The chemical properties of 1 + -deuterium-3 + -tritium-5 + -aminonaphthalene can be investigated. Deuterium is also an isotope of hydrogen, and its nucleus has more neutrons than hydrogen, and its mass is slightly heavier. Its chemical properties are generally similar to those of hydrogen, but due to the difference in mass, it varies in some reaction rates. In chemical reactions, deuterium participates in the reaction at a slightly slower rate than hydrogen, because the heavier nuclei cause different chemical bond vibration frequencies, which affect the reaction process.
As for tritium, which is also an isotope of hydrogen, the nucleus contains two neutrons and is radioactive. Its chemical properties are also similar to those of hydrogen, but due to radioactivity, the chemical reactions it participates in are even more unique. Its decay can cause changes in the surrounding chemical environment, and it is widely used in biochemical research, tracer technology and other fields. With its radioactivity, the movement and reaction path of substances can be traced.
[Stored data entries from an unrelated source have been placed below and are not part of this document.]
(* Consider the half-duplex (HD) single-stage relay selection (SRS) scheme described in the context with $K\ge1$ relays, with $\varpi=0$, thresholds $\gamma_{th_j}=2^{2R_{D_j}}-1$ for $j=1,2$, and power coefficients satisfying $0<a_1<a_2$, $a_1+a_2=1$, $a_2>a_1\gamma_{th_2}$. Then its diversity order equals the number of relays: $$-\lim_{\rho\to\infty}\frac{\log P_{SRS}^{HD}(\rho)}{\log\rho}=K .$$
   Context: Network model. A base station (BS) is at the origin of the plane. There are $K\ge 1$ relays $R_1,\dots,R_K$ whose positions are i.i.d. uniformly distributed in the disc of radius $R_{\mathcal D}>0$ centred at the origin; $d_{SR_i}$ is the distance from the BS to $R_i$. Two users $D_1,D_2$ are at fixed points of the plane at distances $d_1,d_2>0$ from the BS, and $d_{R_iD_j}$ is the Euclidean distance between $R_i$ and $D_j$. Let $\alpha>0$ be the path loss exponent. The random variables $g_{SR_i}$, $g_{R_iD_1}$, $g_{R_iD_2}$ ($i=1,\dots,K$) are exponentially distributed with mean $1$ (squared magnitudes of $\mathcal{CN}(0,1)$ Rayleigh coefficients), $Z_i$ is exponentially distributed with mean $\Omega_{LI}>0$, and all of these are mutually independent and independent of the relay positions. Put $X_i=g_{SR_i}/(1+d_{SR_i}^\alpha)$ and $Y_{ji}=g_{R_iD_j}/(1+d_{R_iD_j}^\alpha)$. Let $\rho>0$ be the transmit SNR, $a_1,a_2$ power allocation coefficients, and $\varpi\in\{0,1\}$ the duplex factor. Define $\gamma_{D_2\to R_i}=\frac{\rho X_i a_2}{\rho X_i a_1+\rho\varpi Z_i+1}$, $\gamma^{(i)}_{D_2\to D_1}=\frac{\rho Y_{1i}a_2}{\rho Y_{1i}a_1+1}$, $\gamma^{(i)}_{D_2}=\frac{\rho Y_{2i}a_2}{\rho Y_{2i}a_1+1}$. Target rates $R_{D_1},R_{D_2}>0$ are given; in HD mode $\varpi=0$ and $\gamma_{th_j}=2^{2R_{D_j}}-1$. SRS scheme: with $W_i=\min\{\gamma_{D_2\to R_i},\gamma^{(i)}_{D_2\to D_1},\gamma^{(i)}_{D_2}\}$, the outage probability is $P_{SRS}(\rho)=\Pr(\max_{1\le i\le K}W_i<\gamma_{th_2})$; $P_{SRS}^{HD}$ denotes it in HD mode. *)

From HB Require Import structures.
From mathcomp Require Import all_boot all_order all_algebra.
From mathcomp Require Import all_classical all_reals all_analysis.
Set Implicit Arguments. Unset Strict Implicit. Unset Printing Implicit Defensive.
Import Order.TTheory GRing.Theory Num.Theory.
Import numFieldNormedType.Exports.
Local Open Scope classical_set_scope.
Local Open Scope ring_scope.

Definition gen_events {dT d' : measure_display} {T : measurableType dT}
  {T' : measurableType d'} (X : T -> T') : set (set T) :=
  [set X @^-1` B | B in [set B : set T' | measurable B]].

Definition mutually_independent {R : realType} {d : measure_display}
  {T : measurableType d} (P : probability T R) {I : finType}
  (F : I -> set (set T)) : Prop :=
  forall (S : {set I}) (A : I -> set T),
    (forall i, i \in S -> F i (A i)) ->
    P (\bigcap_(i in [set` S]) A i) = (\prod_(i in S) P (A i))%E.

Definition dist2 {R : realType} (p q : R * R) : R :=
  Num.sqrt ((p.1 - q.1) ^+ 2 + (p.2 - q.2) ^+ 2).

Definition disc {R : realType} (r : R) : set (R * R) :=
  [set p | p.1 ^+ 2 + p.2 ^+ 2 <= r ^+ 2].

Definition uniform_in_disc {R : realType} {d : measure_display}
  {T : measurableType d} (P : probability T R) (r : R) (X : T -> R * R) : Prop :=
  forall A : set (R * R), measurable A ->
    P (X @^-1` A) =
    ((@lebesgue_measure R \x @lebesgue_measure R) (A `&` disc r)
       * ((pi * r ^+ 2)^-1)%:E)%E.

Definition exponential_mean {R : realType} {d : measure_display}
  {T : measurableType d} (P : probability T R) (m : R) (X : T -> R) : Prop :=
  forall A : set R, measurable A -> P (X @^-1` A) = exponential_prob (m^-1) A.

(* large-scale fading normalisation  g / (1 + dist^alpha) *)
Definition chan {R : realType} (alpha g dst : R) : R := g / (1 + dst `^ alpha).

Definition sinr {R : realType} (rho a1 a2 varpi V Z : R) : R :=
  rho * V * a2 / (rho * V * a1 + rho * varpi * Z + 1).

(* W_i = min { gamma_{D2->R_i}, gamma^{(i)}_{D2->D1}, gamma^{(i)}_{D2} } *)
Definition W_SRS {R : realType} (rho a1 a2 varpi alpha : R) (D1 D2 : R * R)
  (pos : R * R) (gSR g1 g2 z : R) : R :=
  Num.min (sinr rho a1 a2 varpi (chan alpha gSR (dist2 pos (0, 0))) z)
   (Num.min (sinr rho a1 a2 0 (chan alpha g1 (dist2 pos D1)) 0)
            (sinr rho a1 a2 0 (chan alpha g2 (dist2 pos D2)) 0)).

(* outage probability of the SRS scheme:
   Pr( max_{1<=i<=K} W_i < gamma_th2 )  (all W_i >= 0, so 0 is a neutral seed) *)
Definition P_SRS {R : realType} {d : measure_display} {T : measurableType d}
  (P : probability T R) (K : nat) (pos : 'I_K -> T -> R * R)
  (gSR g1 g2 Z : 'I_K -> T -> R) (a1 a2 varpi alpha gth2 : R) (D1 D2 : R * R)
  (rho : R) : R :=
  fine (P [set t | \big[Num.max/0]_(i < K)
             W_SRS rho a1 a2 varpi alpha D1 D2 (pos i t) (gSR i t) (g1 i t)
                   (g2 i t) (Z i t) < gth2]).

(* The outage event is squeezed between two events built from K independent
   per-relay events.  From below: if every source-relay gain is at most
   th / (2 rho), with th = gth2 / (a2 - a1 gth2), every relay already fails on
   its first hop; this has probability (1 - exp (- th / (2 rho)))^K, at least
   (th / (4 rho))^K.  From above: a relay inside the disc whose three gains are
   all at least c th / rho, where c bounds 1 + d^alpha over all possible link
   lengths d, has W_i >= gth2.  So in an outage every relay lies outside the
   disc (probability 0) or has an exponential gain below c th / rho
   (probability at most c th / rho); expanding the intersection of these
   unions and using independence gives an upper bound (5 c th / rho)^K.
   Hence ln P_out = - K ln rho + O(1). *)

From HB Require Import structures.
From mathcomp Require Import all_boot all_order all_algebra.
From mathcomp Require Import all_classical all_reals all_analysis.
From mathcomp Require Import measurable_realfun ring lra.
Import Order.TTheory GRing.Theory Num.Theory.
Import numFieldNormedType.Exports.
Local Open Scope classical_set_scope.
Local Open Scope ring_scope.
(* Posa rotation around the hyperedge [nth set0 es i] through the first vertex. *)
Lemma berge_path_seq_rotate s es i y : berge_path_seq s es -> 0 < i < size es ->
  nth y s 0 \in nth set0 es i ->
  berge_path_seq (rev (take i.+1 s) ++ drop i.+1 s) (rev (take i es) ++ drop i es).
Proof.
case=> s_es uniq_s uniq_es es_E edges /andP[i_gt0 lt_i] s0_fi.
have nth_s' z j : j < size s -> nth z (rev (take i.+1 s) ++ drop i.+1 s) j =
    if j <= i then nth z s (i - j) else nth z s j.
  move=> lt_j; rewrite nth_cat size_rev size_takel; last lia.
  case: ifP => le_ji; last by rewrite ifF ?nth_drop; [congr nth | ]; lia.
  rewrite ifT; last lia.
  by rewrite nth_rev ?size_takel ?nth_take ?subSS //; lia.
have nth_es' j : j < size es -> nth set0 (rev (take i es) ++ drop i es) j =
    if j < i then nth set0 es (i - j.+1) else nth set0 es j.
  move=> lt_j; rewrite nth_cat size_rev size_takel; last lia.
  case: ifP => lt_ji; last by rewrite nth_drop; congr nth; lia.
  by rewrite nth_rev ?size_takel ?nth_take //; lia.
have perm_rot (T : eqType) (t : seq T) n : perm_eq (rev (take n t) ++ drop n t) t.
  by rewrite -[X in perm_eq _ X](cat_take_drop n) perm_cat2r perm_rev.
have size_es' : size (rev (take i es) ++ drop i es) = size es.
  by rewrite (perm_size (perm_rot _ _ _)).
split.
- by rewrite (perm_size (perm_rot _ _ _)) size_es'.
- by rewrite (perm_uniq (perm_rot _ _ _)).
- by rewrite (perm_uniq (perm_rot _ _ _)).
- by rewrite (perm_all _ (perm_rot _ _ _)).
move=> z j; rewrite size_es' => lt_j; rewrite nth_es' // !nth_s'; try lia.
case: (ltngtP j i) => [lt_ji | lt_ij | ->]; last 2 first.
- exact: edges.
- rewrite subnn (@set_nth_default _ s y z 0) ?s_es // s0_fi /=.
  by case/andP: (edges z i lt_i).
have := edges z (i - j.+1) ltac:(lia).
have -> : i - j = (i - j.+1).+1 by lia.
by case/andP=> -> ->.
Qed.

Lemma berge_path_rev x vs es : berge_path E x vs es ->
  berge_path E (last x vs) (rev (belast x vs)) (rev es).
Proof.
by move/berge_path_seqE/berge_path_seq_rev; rewrite lastI rev_rcons => /berge_path_seqE.
Qed.
Lemma dC_U (k : fieldType) n (c : chain D n.+1) :
  @dC k D n << c >> = (odd n)%:R *: << idchain (projT1 c) n >>.
Proof.
rewrite /dC lin_extU (chain_discrete c).
under eq_bigr => i _ do rewrite face_idchain.
by rewrite -scaler_suml sum_alt_sign /= negbK.
Qed.

Variables (k : fieldType) (n : nat).

Definition lowerC : Cn k D n.+1 -> Cn k D n :=
  lin_ext (fun c : chain D n.+1 => (<< idchain (projT1 c) n >> : Cn k D n)).
Definition raiseC : Cn k D n -> Cn k D n.+1 :=
  lin_ext (fun c : chain D n => (<< idchain (projT1 c) n.+1 >> : Cn k D n.+1)).

Lemma dC_lowerC v : @dC k D n v = (odd n)%:R *: lowerC v.
Proof.
apply: (@eq_lin_ext _ _ _ (@dC k D n) (fun v => (odd n)%:R *: lowerC v) (lin_ext_islin _)).
  exact: islin_comp (islin_scale _) (lin_ext_islin _).
by move=> c; rewrite dC_U /lowerC lin_extU.
Qed.

Lemma lowerC_raiseC v : lowerC (raiseC v) = v.
Proof.
apply: (@eq_lin_ext _ _ _ (fun v => lowerC (raiseC v)) id (islin_comp (lin_ext_islin _) (lin_ext_islin _)) (@islin_id _ _)).
by move=> c; rewrite /raiseC /lowerC !lin_extU /= -(chain_discrete c).
Qed.

Lemma raiseC_lowerC v : raiseC (lowerC v) = v.
Proof.
apply: (@eq_lin_ext _ _ _ (fun v => raiseC (lowerC v)) id (islin_comp (lin_ext_islin _) (lin_ext_islin _)) (@islin_id _ _)).
by move=> c; rewrite /raiseC /lowerC !lin_extU /= -(chain_discrete c).
Qed.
5 + -Aminonaphthalene, an organic compound containing an amino group and a naphthalene ring. The amino group has electron-giving properties, which can increase the electron cloud density of the naphthalene ring, making it more prone to electrophilic substitution. And the amino group can participate in many reactions, such as salting with acids, acylation with acyl halides, acid anhydrides, etc. The naphthalene ring is an aromatic ring aromatic hydrocarbon, which can undergo typical aromatic electrophilic substitution reactions such as halogenation, nitrification, and sulfonation. Due to the different electron cloud densities at different positions on the naphthalene ring, the substitution reaction Overall, the components of 1 + -deuterium-3 + -tritium-5 + -aminonaphthalene interact with each other to form unique chemical properties, which have potential applications and research value in chemistry, materials, biology and other fields.
As for tritium, which is also an isotope of hydrogen, the nucleus contains two neutrons and is radioactive. Its chemical properties are also similar to those of hydrogen, but due to radioactivity, the chemical reactions it participates in are even more unique. Its decay can cause changes in the surrounding chemical environment, and it is widely used in biochemical research, tracer technology and other fields. With its radioactivity, the movement and reaction path of substances can be traced.
5 + -Aminonaphthalene, an organic compound containing an amino group and a naphthalene ring. The amino group has electron-giving properties, which can increase the electron cloud density of the naphthalene ring, making it more prone to electrophilic substitution. And the amino group can participate in many reactions, such as salting with acids, acylation with acyl halides, acid anhydrides, etc. The naphthalene ring is an aromatic ring aromatic hydrocarbon, which can undergo typical aromatic electrophilic substitution reactions such as halogenation, nitrification, and sulfonation. Due to the different electron cloud densities at different positions on the naphthalene ring, the substitution reaction Overall, the components of 1 + -deuterium-3 + -tritium-5 + -aminonaphthalene interact with each other to form unique chemical properties, which have potential applications and research value in chemistry, materials, biology and other fields.
What are the synthesis methods of 1-chloro-3-fluoro-5-nitrobenzene?
To prepare 1-cyanogen-3-alkyne-5-aminopyridine, there are many methods, and several common ones are described above.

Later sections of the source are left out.